Nikolajeva e Scott (2011), sob a luz tanto da teoria semiótica de Peirce quanto

a de outros autores cujo foco é a análise intersemiótica da palavra e da

imagem, elaboram uma categorização bastante esclarecedora acerca das

diferentes funções das imagens nos livros ilustrados.
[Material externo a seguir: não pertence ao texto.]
Lemma red_edge_between_nbrs x y :
    x \in (B :\: S) :&: V1 -> y \in (B :\: S) :&: V2 ->
    {in (B :\: S) :&: V1 & (B :\: S) :&: V2, forall u w, ~~ adj u w} ->
  [exists p in nbr x :\: S, exists q in nbr y :\: S, red p q].
Proof.
move=> /setIP[xR x1] /setIP[yR y2] no_cross; apply: contraT => no_red.
have small1 : 4 * #|(B :\: S) :&: V1| < N.
  apply: (uncovered_side_lt cardV1 (nbrV2 y2)) => u uR1.
  by rewrite adjC; apply: no_cross; rewrite // inE yR.
have small2 : 4 * #|(B :\: S) :&: V2| < N.
  by apply: (uncovered_side_lt cardV2 (nbrV1 x1)) => w wR2; apply: no_cross; rewrite // inE xR.
have bigP := card_nbr_uncovered (nbrV1 x1); have bigQ := card_nbr_uncovered (nbrV2 y2).
have := card_B_split V1; have := card_B_split V2; have := bipartite_card_sides bipG S.
have := bipartite_card_sides bipG B; have := card_nbr_gt x; have := card_nbr_gt y.
have := cover_lt => ltSn degy degx sidesB sidesS sidesB2 sidesB1.
set P := nbr x :\: S in no_red bigP *; set Q := nbr y :\: S in no_red bigQ *.
have PV2 : P \subset V2 := subset_trans (subsetDl _ _) (nbrV1 x1).
have QV1 : Q \subset V1 := subset_trans (subsetDl _ _) (nbrV2 y2).
have bluePQ p q : p \in P -> q \in Q -> adj p q -> blue p q.
  move=> pP qQ apq; rewrite /blue_rel /= apq; apply: contra no_red => cpq.
  by apply/exists_inP; exists p => //; apply/exists_inP; exists q; rewrite // /red_rel /= apq.
have [v PQv] := blue_connect_dense PV2 QV1 ltac:(lia) ltac:(lia) bluePQ.
have PQ0 : P :&: Q = set0.
  case: bipG => _ _ dV _ _; apply/disjoint_setI0; rewrite disjoint_sym.
  exact: disjointW QV1 PV2 dV.
have := cardsUI P Q; have := subset_leq_card PQv; have := maxB v.
(* |P| + |Q| > 3N/2 - |S| >= N/2 + |S| > |B| *)
rewrite PQ0 cards0; lia.
Qed.

Lemma red_connect_across x y :
  x \in (B :\: S) :&: V1 -> y \in (B :\: S) :&: V2 -> connect red x y.
Proof.
move=> xR1 yR2; have /setIP[xR x1] := xR1; have /setIP[yR y2] := yR2.
have [/exists_inP[u /setIP[uR u1] /exists_inP[w /setIP[wR w2] auw]]|no_cross] :=
  boolP [exists u in (B :\: S) :&: V1, exists w in (B :\: S) :&: V2, adj u w].
  have wS : w \notin S by case/setDP: wR.
  apply: connect_trans (red_connect_same_side cardV2 (nbrV1 x1) (nbrV1 u1) xR uR) _.
  apply: connect_trans (connect1 (red_of_uncovered uR auw wS)) _.
  exact: red_connect_same_side cardV1 (nbrV2 w2) (nbrV2 y2) wR yR.
have /exists_inP[p /setDP[xp pS] /exists_inP[q /setDP[yq qS] rpq]] :
    [exists p in nbr x :\: S, exists q in nbr y :\: S, red p q].
  apply: red_edge_between_nbrs => // u w uR1 wR2; apply: contra no_cross => auw.
  by apply/exists_inP; exists u => //; apply/exists_inP; exists w.
rewrite inE in xp; rewrite inE in yq.
apply: connect_trans (connect1 (red_of_uncovered xR xp pS)) _.
by apply: connect_trans (connect1 rpq) (connect1 _); rewrite redC; apply: red_of_uncovered.
Qed.

Lemma red_connect_uncovered x y : x \in B :\: S -> y \in B :\: S -> connect red x y.
Proof.
have sides z : (z \in V1) || (z \in V2) by case: bipG => _ _ _ cV _; rewrite -in_setU cV inE.
move=> xR yR; case/orP: (sides x) => x_side; case/orP: (sides y) => y_side.
- exact: red_connect_same_side cardV2 (nbrV1 x_side) (nbrV1 y_side) xR yR.
- by apply: red_connect_across; rewrite inE ?xR ?yR.
- by rewrite (sym_connect_sym redC); apply: red_connect_across; rewrite inE ?xR ?yR.
- exact: red_connect_same_side cardV1 (nbrV2 x_side) (nbrV2 y_side) xR yR.
Qed.

End RedComponent.

Theorem lemma3p2 (m n : nat) (T : finType) (adj : rel T) (V1 V2 : {set T})
  (col : T -> T -> bool) (B S : {set T}) :
  0 < n -> n < m ->
  bipartite_graph adj V1 V2 ->
  #|V1| = m + n - 1 -> #|V2| = m + n - 1 ->
  (forall x, 3 * (m + n - 1) < 4 * deg adj x) ->
  coloring adj col ->
  ~ connected_matching (blue_rel adj col) n ->
  is_component (blue_rel adj col) B ->
  (forall v, #|component (blue_rel adj col) v| <= #|B|) ->
  n <= #|B :&: V1| -> n <= #|B :&: V2| ->
  min_vertex_cover_of (blue_rel adj col) B S ->
  exists v, B :\: S \subset component (red_rel adj col) v.
Proof.
move=> _ lt_nm bipG cardV1 cardV2 min_deg colG no_blue compB maxB nBV1 nBV2 minS.
have leq_2n_N : 2 * n <= m + n - 1 by lia.
have [R0|[w wR]] := set_0Vmem (B :\: S).
  by case: compB => v _; exists v; rewrite R0 sub0set.
exists w; apply/subsetP=> u uR; rewrite inE.
exact: (red_connect_uncovered bipG cardV1 cardV2 min_deg colG leq_2n_N no_blue compB maxB
  nBV1 nBV2 minS wR uR).
Qed.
É evidente que, em

grande parte das obras infanto-juvenis, sobretudo as contemporâneas, a

imagem não apenas ilustra, isto é, exemplifica o que está no plano de

expressão verbal, mas também elabora a própria narrativa, o que, por sinal,

poder-nos-ia fazer questionar os próprios termos “livro ilustrado”, “história

ilustrada”, já que a imagem nem sempre é uma redundância do que está

escrito. Inclusive, é por esse motivo que, no título deste trabalho, ambos autor

do texto escrito (Chico Buarque de Holanda) e ilustrador (Ziraldo) estão em pé

de igualdade, pois, de fato, conjuntamente elaboram a narrativa.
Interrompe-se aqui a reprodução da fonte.